Beras merah (Oryza nivara) adalah beras yang berwarna merah karena kulit ari pada beras merah tidak banyak hilang dan mengandung zat-zat gizi penting. Manfaat kesehatan dari beras merah adalah sebagai sumber serat yang berguna bagi orang-orang yang khawatir akan resiko kanker usus, yang mana dapat meminimalisir lamanya zat-zat penyebab kanker kontak dengan sel-sel usus, selain itu juga menjadi sumber selenium, mineral yang justru mereduksi resiko kanker usus (M’Boy 2014). Hasil penelitian terhadap beras merah menunjukkan bahwa beras merah mengandung serat yang berfungsi untuk menurunkan kadar kolesterol jahat (LDL), menghambat aterosklerosis, dan juga berperan dalam mengontrol tingkat kadar gula darah dalam tubuh, sehingga juga menjadi pilihan terbaik bagi penderita diabetes. Beras merah mengandung fenolik, salah satu zat antioksidan yang mampu menghambat radikal bebas pemicu kanker.

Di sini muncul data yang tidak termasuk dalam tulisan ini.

(* Let $M\in\mathbb{R}^{m\times n}$ with $m\le n$ and $\operatorname{rank}(M)=r$. Let $\{p_i\}_{i=1}^n$ be a probability distribution on $[n]$ with $p_i>0$ for all $i$, and let $p_{\min}=\min_{i\in[n]}p_i$. Let $\delta\in(0,1)$. Suppose that Algorithm MC-NUS (described in the context) is run on $M$ with target rank $r$, $d$ sampled columns, sampling distribution $\{p_i\}$, and $s$ sampled entries per remaining column, where $$d\ \ge\ \frac{7\mu(r)\,r\ln(2r/\delta)}{n\,p_{\min}},\qquad s\ \ge\ 7\mu(r)\,r\ln(2rn/\delta).$$ Then with probability at least $1-\delta$ (over the random sampling of the algorithm), the output satisfies $\hat M=M$, i.e. the algorithm recovers $M$ exactly.
   Context: Notation: for a matrix $B$, $B_{(i)}$ is its $i$-th row and $B^{(j)}$ its $j$-th column; for a (multi)set $\mathcal{O}$ of row indices, $\mathbf{x}_{\mathcal{O}}$ is the vector of entries of $\mathbf{x}$ indexed by $\mathcal{O}$ and $B_{\mathcal{O}}$ is the matrix of rows of $B$ indexed by $\mathcal{O}$ (with repetitions if $\mathcal{O}$ has repeated indices). Write $M=[\mathbf{m}_1,\dots,\mathbf{m}_n]$. Algorithm MC-NUS (inputs: target rank $r>0$, integers $d\ge r$, $s>0$, distribution $\{p_i\}_{i=1}^n$ with $p_i>0$): (1) For $j=1,\dots,d$, independently sample $i_j\in[n]$ with $\Pr[i_j=i]=p_i$; set $\hat{\mathbf{m}}_{i_j}=\mathbf{m}_{i_j}$ (these columns are fully observed) and $A^{(j)}=\mathbf{m}_{i_j}/\sqrt{d\,p_{i_j}}$, giving $A\in\mathbb{R}^{m\times d}$. (2) Set $\hat r=\min(r,\operatorname{rank}(A))$ and let $\hat U\in\mathbb{R}^{m\times\hat r}$ consist of the top-$\hat r$ left singular vectors of $A$. (3) For each remaining column $\mathbf{m}_i$ (not among the sampled ones), sample a multiset $\mathcal{O}_i$ of $s$ indices uniformly at random from $[m]$ with replacement, observe $\mathbf{m}_{i,\mathcal{O}_i}$, and set $\hat{\mathbf{m}}_i=\hat U(\hat U_{\mathcal{O}_i}^T\hat U_{\mathcal{O}_i})^{-1}\hat U_{\mathcal{O}_i}^T\mathbf{m}_{i,\mathcal{O}_i}$. Output $\hat M=[\hat{\mathbf{m}}_1,\dots,\hat{\mathbf{m}}_n]$. Incoherence: let $\bar U\in\mathbb{R}^{m\times r}$, $\bar V\in\mathbb{R}^{n\times r}$ be the matrices of top-$r$ left and right singular vectors of $M$; $\mu(r)=\max\left(\max_{i\in[m]}\frac{m}{r}\|\bar U_{(i)}\|_2^2,\ \max_{i\in[n]}\frac{n}{r}\|\bar V_{(i)}\|_2^2\right)$. *)

From HB Require Import structures.
From mathcomp Require Import all_boot all_order all_algebra.
From mathcomp Require Import all_classical all_reals all_analysis.
Set Implicit Arguments. Unset Strict Implicit. Unset Printing Implicit Defensive.
Import Order.TTheory GRing.Theory Num.Theory.
Local Open Scope ring_scope.

Section Defs.
Variable R : realType.

(* U (m x k) consists of top-k left singular vectors of A (m x d):
   orthonormal columns, eigenvectors of A A^T (left singular vectors) with
   eigenvalues lam (= squared singular values) in nonincreasing order, and
   these are the top k: every vector orthogonal to the columns of U has
   Rayleigh quotient for A A^T at most each lam a. *)
Definition top_left_sv (m d k : nat) (A : 'M[R]_(m, d)) (U : 'M[R]_(m, k)) : Prop :=
  U^T *m U = 1%:M /\
  exists lam : 'I_k -> R,
    (forall a b : 'I_k, (a <= b)%N -> lam b <= lam a) /\
    A *m A^T *m U = U *m diag_mx (\row_a lam a) /\
    (forall x : 'cV[R]_m, U^T *m x = 0 ->
       forall a : 'I_k, (x^T *m (A *m A^T) *m x) 0 0 <= lam a * (x^T *m x) 0 0).

Definition rownorm2 (m k : nat) (U : 'M[R]_(m, k)) (i : 'I_m) : R :=
  \sum_(l < k) U i l ^+ 2.

Definition incoherence (m n r : nat) (Ub : 'M[R]_(m, r)) (Vb : 'M[R]_(n, r)) : R :=
  Num.max (\big[Num.max/0]_(i < m) (m%:R / r%:R * rownorm2 Ub i))
          (\big[Num.max/0]_(j < n) (n%:R / r%:R * rownorm2 Vb j)).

Selain itu beras merah mengandung magnesium yang mampu menurunkan keakutan asma, menurunkan tekanan darah tinggi, menurunkan frekuensi migrain, dan menurunkan resiko serangan jantung serta stroke. Magnesium membantu mengatur irama saraf dan otot dengan menyeimbangkan aksi kalsium. Magnesium juga berguna untuk kesehatan tulang. Sekitar dua per tiga magnesium di dalam tubuh manusia ditemukan dalam tulang. Secangkir beras merah akan memberi anda 21% keperluan sehari-hari akan magnesium. Banyak pakar menyebutkan, beras merah merupakan salah satu pakan paling menyehatkan di dunia (M’Boy 2014).

Kandungan gizi beras merah jauh lebih baik dibandingkan beras putih. Beras merah mengandung sekitar 3,5 gram serat, sementara beras putih kurang dari 1 gram serat. Banyak pula manfaat dari mengkonsumsi beras merah, yakni dapat meningkatkan perkembangan otak dan menurunkan kolesterol darah, dan dapat menurunkan salah satu faktor risiko penyakit jantung. Jika dilihat dari segi kandungan vitamin dan mineral, beras merah pun lebih unggul dibandingkan beras putih. Kandungan vitamin dan mineral beras merah 2-3 kali beras putih. Beras merah mengandung tiamin (vitamin B1) yang diperlukan untuk mencegah penyakit beri-beri pada bayi. Kandungan zat besi dalam beras merah juga lebih tinggi, dapat membantu bayi usia 6 bulan ke atas yang kekurangan asupan zat besi dari ASI dan sudah tidak lagi mencukupi kebutuhan tubuh, vitamin dan mineral-mineral penting lainnya.

Wednesday, October 22, 2014

Tempe, Makanan Khas Indonesia Yang Kaya Manfaat



Tempe merupakan produk olahan kedelai yang terbentuk atas jasa kapang jenis Rhizopus sp. melalui proses fermentasi. Banyak perubahan yang terjadi selama proses fermentasi kedelai menjadi tempe, baik yang menyangkut perubahan fisik, biokimia maupun mikrobiologi, yang semuanya berdampak sangat menguntungkan terhadap sumbangan gizi dan kesehatan. Kerja Rhizopus sp. mampu mengubah kedelai menjadi tempe yang berasal lebih enak, lebih bergizi dan berfungsi sebagai makanan sehat (Astawan 2009).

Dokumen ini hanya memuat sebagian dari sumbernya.